Task statement: Find the line with "eps E[q] - E[q'" in the entries below, then reproduce it and every line after it down to and including the line with "rewrite (reindex_esum ([set: T']", exactly.

Records from a data source
⟨
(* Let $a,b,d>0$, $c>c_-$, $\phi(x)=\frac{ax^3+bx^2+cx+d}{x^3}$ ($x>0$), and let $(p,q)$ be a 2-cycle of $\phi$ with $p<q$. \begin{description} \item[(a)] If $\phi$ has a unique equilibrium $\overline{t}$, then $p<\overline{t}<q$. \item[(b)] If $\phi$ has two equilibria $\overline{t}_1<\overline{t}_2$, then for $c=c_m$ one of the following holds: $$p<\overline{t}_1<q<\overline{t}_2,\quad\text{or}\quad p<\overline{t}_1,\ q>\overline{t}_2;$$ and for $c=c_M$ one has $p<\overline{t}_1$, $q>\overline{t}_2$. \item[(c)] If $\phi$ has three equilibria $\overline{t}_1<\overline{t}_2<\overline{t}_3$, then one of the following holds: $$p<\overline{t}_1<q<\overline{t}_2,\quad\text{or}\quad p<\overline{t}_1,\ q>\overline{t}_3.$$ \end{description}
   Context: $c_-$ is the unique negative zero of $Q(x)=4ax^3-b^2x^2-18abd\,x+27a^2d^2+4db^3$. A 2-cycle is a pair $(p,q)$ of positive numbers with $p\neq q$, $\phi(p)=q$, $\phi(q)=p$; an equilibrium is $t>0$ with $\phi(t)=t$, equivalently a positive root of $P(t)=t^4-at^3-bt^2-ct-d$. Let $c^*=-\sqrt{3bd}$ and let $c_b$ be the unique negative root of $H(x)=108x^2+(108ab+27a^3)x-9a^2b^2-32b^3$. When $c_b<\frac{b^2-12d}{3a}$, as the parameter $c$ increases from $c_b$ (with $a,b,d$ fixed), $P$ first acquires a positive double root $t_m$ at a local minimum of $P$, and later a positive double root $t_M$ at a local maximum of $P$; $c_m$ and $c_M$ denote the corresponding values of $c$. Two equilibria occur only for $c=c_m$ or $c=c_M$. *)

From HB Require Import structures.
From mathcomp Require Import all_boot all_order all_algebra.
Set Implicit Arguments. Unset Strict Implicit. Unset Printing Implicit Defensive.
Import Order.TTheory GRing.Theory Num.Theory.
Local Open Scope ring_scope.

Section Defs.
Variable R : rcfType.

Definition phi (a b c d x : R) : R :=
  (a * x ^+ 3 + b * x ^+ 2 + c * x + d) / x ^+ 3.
⟩
⟨
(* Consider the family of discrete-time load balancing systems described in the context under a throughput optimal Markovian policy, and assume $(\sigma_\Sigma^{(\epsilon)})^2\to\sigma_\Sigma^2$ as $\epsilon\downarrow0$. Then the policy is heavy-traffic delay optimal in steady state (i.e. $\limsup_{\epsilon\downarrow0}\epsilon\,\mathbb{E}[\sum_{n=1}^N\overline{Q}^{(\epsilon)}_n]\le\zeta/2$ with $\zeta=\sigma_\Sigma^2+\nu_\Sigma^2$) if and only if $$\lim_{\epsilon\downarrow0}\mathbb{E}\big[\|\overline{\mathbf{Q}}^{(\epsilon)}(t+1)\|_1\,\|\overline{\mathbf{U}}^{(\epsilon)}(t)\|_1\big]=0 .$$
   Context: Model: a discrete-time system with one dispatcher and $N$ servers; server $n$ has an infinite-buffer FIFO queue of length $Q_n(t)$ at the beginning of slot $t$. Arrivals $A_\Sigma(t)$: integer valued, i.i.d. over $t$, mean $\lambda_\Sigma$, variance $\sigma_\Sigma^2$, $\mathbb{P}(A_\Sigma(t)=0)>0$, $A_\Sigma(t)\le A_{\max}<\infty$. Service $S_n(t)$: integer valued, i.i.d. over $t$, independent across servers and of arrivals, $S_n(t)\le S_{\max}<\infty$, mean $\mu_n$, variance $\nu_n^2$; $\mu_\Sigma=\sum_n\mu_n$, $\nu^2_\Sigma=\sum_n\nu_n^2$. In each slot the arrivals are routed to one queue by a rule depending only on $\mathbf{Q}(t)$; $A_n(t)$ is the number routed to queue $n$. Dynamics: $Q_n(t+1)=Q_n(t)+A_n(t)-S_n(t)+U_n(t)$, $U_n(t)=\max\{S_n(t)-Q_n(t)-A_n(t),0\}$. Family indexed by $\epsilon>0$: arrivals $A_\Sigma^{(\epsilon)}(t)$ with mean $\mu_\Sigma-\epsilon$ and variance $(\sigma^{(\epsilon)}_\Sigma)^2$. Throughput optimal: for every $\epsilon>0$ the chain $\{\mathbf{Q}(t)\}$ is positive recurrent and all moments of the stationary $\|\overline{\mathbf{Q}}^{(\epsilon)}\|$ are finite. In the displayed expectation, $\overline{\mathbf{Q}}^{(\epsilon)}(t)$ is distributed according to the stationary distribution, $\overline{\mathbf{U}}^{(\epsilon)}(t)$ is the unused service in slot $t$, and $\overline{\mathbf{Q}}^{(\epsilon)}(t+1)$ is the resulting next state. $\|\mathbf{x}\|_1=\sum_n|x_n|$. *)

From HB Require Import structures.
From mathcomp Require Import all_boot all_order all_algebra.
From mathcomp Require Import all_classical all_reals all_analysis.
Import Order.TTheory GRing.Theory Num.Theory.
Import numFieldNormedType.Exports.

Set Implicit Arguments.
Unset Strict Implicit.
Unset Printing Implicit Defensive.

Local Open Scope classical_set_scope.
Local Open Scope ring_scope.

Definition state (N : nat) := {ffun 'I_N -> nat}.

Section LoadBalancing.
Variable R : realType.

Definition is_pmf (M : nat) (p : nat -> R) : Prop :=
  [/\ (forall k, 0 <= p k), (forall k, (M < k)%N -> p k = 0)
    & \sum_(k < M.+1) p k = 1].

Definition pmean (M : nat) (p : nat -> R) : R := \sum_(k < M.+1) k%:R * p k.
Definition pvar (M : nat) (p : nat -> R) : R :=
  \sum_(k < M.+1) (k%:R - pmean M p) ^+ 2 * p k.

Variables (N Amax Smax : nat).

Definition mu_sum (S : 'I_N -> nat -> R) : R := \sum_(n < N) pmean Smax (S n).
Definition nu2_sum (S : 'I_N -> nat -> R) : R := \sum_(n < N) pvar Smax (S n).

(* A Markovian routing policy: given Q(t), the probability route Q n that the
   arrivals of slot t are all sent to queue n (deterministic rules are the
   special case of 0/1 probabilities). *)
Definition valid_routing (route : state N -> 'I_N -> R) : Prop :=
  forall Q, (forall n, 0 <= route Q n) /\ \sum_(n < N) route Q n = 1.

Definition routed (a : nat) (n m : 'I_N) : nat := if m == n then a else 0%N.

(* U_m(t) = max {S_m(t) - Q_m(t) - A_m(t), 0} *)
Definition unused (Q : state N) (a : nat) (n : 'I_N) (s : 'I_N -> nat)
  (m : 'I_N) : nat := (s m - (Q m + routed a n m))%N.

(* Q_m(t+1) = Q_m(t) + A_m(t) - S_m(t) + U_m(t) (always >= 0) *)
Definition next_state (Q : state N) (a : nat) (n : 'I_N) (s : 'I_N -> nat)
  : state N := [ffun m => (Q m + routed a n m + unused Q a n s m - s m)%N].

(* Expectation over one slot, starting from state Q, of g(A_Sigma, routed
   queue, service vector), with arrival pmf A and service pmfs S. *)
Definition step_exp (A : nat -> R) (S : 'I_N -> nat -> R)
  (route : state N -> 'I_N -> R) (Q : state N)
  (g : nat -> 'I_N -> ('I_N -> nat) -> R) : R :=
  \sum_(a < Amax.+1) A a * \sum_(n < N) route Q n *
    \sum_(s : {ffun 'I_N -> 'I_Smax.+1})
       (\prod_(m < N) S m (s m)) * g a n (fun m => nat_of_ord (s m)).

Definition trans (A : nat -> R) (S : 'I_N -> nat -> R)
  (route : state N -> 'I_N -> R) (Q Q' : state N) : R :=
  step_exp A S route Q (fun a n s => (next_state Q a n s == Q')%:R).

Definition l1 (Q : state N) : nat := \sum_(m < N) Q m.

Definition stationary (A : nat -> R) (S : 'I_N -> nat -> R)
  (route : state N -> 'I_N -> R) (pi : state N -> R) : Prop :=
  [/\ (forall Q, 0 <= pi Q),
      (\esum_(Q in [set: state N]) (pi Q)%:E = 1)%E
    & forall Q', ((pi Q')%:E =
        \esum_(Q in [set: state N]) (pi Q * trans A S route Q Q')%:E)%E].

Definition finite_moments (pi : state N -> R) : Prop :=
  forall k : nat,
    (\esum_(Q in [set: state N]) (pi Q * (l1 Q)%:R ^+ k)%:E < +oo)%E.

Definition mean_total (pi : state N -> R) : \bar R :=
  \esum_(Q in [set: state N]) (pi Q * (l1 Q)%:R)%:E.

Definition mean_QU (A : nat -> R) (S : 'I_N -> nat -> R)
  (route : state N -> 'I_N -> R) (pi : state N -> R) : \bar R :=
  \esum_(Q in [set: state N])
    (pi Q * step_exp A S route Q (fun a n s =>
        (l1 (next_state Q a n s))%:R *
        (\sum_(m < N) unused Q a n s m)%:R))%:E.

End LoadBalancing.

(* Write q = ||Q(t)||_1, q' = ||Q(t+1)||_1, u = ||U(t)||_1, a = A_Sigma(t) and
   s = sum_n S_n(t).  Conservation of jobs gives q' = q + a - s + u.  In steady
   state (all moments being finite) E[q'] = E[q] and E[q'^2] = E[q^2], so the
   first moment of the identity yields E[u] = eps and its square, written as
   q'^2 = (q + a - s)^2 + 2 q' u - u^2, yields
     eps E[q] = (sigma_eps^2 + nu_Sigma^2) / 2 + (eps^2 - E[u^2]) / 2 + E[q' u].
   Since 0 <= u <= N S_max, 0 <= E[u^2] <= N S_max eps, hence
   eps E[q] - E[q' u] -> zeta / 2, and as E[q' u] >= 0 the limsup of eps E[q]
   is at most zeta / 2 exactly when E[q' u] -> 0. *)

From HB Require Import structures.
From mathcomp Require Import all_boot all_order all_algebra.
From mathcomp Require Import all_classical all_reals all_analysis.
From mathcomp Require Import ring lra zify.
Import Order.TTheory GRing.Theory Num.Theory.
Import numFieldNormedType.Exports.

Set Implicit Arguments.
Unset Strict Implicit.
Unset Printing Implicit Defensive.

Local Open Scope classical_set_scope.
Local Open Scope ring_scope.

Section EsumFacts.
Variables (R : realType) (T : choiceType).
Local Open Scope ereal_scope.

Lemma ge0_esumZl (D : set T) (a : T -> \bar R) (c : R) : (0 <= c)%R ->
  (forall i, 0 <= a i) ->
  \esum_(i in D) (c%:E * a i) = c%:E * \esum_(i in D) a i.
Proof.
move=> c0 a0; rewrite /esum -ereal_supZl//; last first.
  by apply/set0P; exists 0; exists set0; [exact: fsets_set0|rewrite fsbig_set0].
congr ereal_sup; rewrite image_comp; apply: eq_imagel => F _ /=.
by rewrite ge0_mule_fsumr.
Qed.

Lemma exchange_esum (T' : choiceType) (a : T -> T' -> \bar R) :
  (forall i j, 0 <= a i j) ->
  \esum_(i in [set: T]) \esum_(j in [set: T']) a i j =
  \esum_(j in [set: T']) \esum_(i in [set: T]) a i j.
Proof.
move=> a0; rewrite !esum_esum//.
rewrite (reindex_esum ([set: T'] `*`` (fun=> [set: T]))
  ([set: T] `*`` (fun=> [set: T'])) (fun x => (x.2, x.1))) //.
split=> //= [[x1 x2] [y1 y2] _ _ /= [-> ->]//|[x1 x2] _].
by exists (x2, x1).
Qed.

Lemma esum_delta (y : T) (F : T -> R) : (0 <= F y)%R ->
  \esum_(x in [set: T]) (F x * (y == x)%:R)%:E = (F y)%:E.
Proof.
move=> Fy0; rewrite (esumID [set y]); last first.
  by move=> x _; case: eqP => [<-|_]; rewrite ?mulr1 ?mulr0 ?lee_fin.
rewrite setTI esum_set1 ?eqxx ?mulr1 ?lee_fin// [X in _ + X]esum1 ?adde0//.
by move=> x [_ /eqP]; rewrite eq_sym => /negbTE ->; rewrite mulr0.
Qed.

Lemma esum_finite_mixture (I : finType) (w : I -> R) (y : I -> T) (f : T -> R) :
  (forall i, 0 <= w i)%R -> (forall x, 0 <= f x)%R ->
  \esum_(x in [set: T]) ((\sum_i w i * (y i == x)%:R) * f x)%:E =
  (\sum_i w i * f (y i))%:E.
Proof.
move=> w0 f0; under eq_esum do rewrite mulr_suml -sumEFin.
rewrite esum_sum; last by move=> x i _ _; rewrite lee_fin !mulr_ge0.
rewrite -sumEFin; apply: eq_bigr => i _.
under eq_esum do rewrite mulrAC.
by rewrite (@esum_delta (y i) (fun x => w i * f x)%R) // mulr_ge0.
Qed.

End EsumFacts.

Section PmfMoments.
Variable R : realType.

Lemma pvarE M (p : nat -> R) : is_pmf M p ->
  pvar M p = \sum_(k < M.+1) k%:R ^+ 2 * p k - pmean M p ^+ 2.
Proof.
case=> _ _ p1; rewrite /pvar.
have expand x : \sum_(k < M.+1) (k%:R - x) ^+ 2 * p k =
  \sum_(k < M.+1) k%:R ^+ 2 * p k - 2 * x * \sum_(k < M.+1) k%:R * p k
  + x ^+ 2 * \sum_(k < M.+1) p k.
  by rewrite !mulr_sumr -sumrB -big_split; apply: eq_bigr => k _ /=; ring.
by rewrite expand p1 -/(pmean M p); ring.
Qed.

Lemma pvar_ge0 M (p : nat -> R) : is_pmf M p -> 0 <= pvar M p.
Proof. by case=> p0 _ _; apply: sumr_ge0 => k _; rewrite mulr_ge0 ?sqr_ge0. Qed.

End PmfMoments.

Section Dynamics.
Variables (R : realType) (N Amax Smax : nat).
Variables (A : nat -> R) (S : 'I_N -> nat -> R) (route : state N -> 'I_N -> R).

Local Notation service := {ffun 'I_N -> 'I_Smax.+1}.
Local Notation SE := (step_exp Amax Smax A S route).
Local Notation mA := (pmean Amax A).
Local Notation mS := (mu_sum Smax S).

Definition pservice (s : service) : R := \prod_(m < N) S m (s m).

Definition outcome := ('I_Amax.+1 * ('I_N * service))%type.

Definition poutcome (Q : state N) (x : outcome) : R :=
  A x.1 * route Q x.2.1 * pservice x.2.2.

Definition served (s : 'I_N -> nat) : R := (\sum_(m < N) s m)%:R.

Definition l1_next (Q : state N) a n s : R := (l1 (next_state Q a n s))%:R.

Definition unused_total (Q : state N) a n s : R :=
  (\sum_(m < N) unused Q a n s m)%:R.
⟩
Exercise output:
   eps E[q] - E[q' u] -> zeta / 2, and as E[q' u] >= 0 the limsup of eps E[q]
   is at most zeta / 2 exactly when E[q' u] -> 0. *)

From HB Require Import structures.
From mathcomp Require Import all_boot all_order all_algebra.
From mathcomp Require Import all_classical all_reals all_analysis.
From mathcomp Require Import ring lra zify.
Import Order.TTheory GRing.Theory Num.Theory.
Import numFieldNormedType.Exports.

Set Implicit Arguments.
Unset Strict Implicit.
Unset Printing Implicit Defensive.

Local Open Scope classical_set_scope.
Local Open Scope ring_scope.

Section EsumFacts.
Variables (R : realType) (T : choiceType).
Local Open Scope ereal_scope.

Lemma ge0_esumZl (D : set T) (a : T -> \bar R) (c : R) : (0 <= c)%R ->
  (forall i, 0 <= a i) ->
  \esum_(i in D) (c%:E * a i) = c%:E * \esum_(i in D) a i.
Proof.
move=> c0 a0; rewrite /esum -ereal_supZl//; last first.
  by apply/set0P; exists 0; exists set0; [exact: fsets_set0|rewrite fsbig_set0].
congr ereal_sup; rewrite image_comp; apply: eq_imagel => F _ /=.
by rewrite ge0_mule_fsumr.
Qed.

Lemma exchange_esum (T' : choiceType) (a : T -> T' -> \bar R) :
  (forall i j, 0 <= a i j) ->
  \esum_(i in [set: T]) \esum_(j in [set: T']) a i j =
  \esum_(j in [set: T']) \esum_(i in [set: T]) a i j.
Proof.
move=> a0; rewrite !esum_esum//.
rewrite (reindex_esum ([set: T'] `*`` (fun=> [set: T]))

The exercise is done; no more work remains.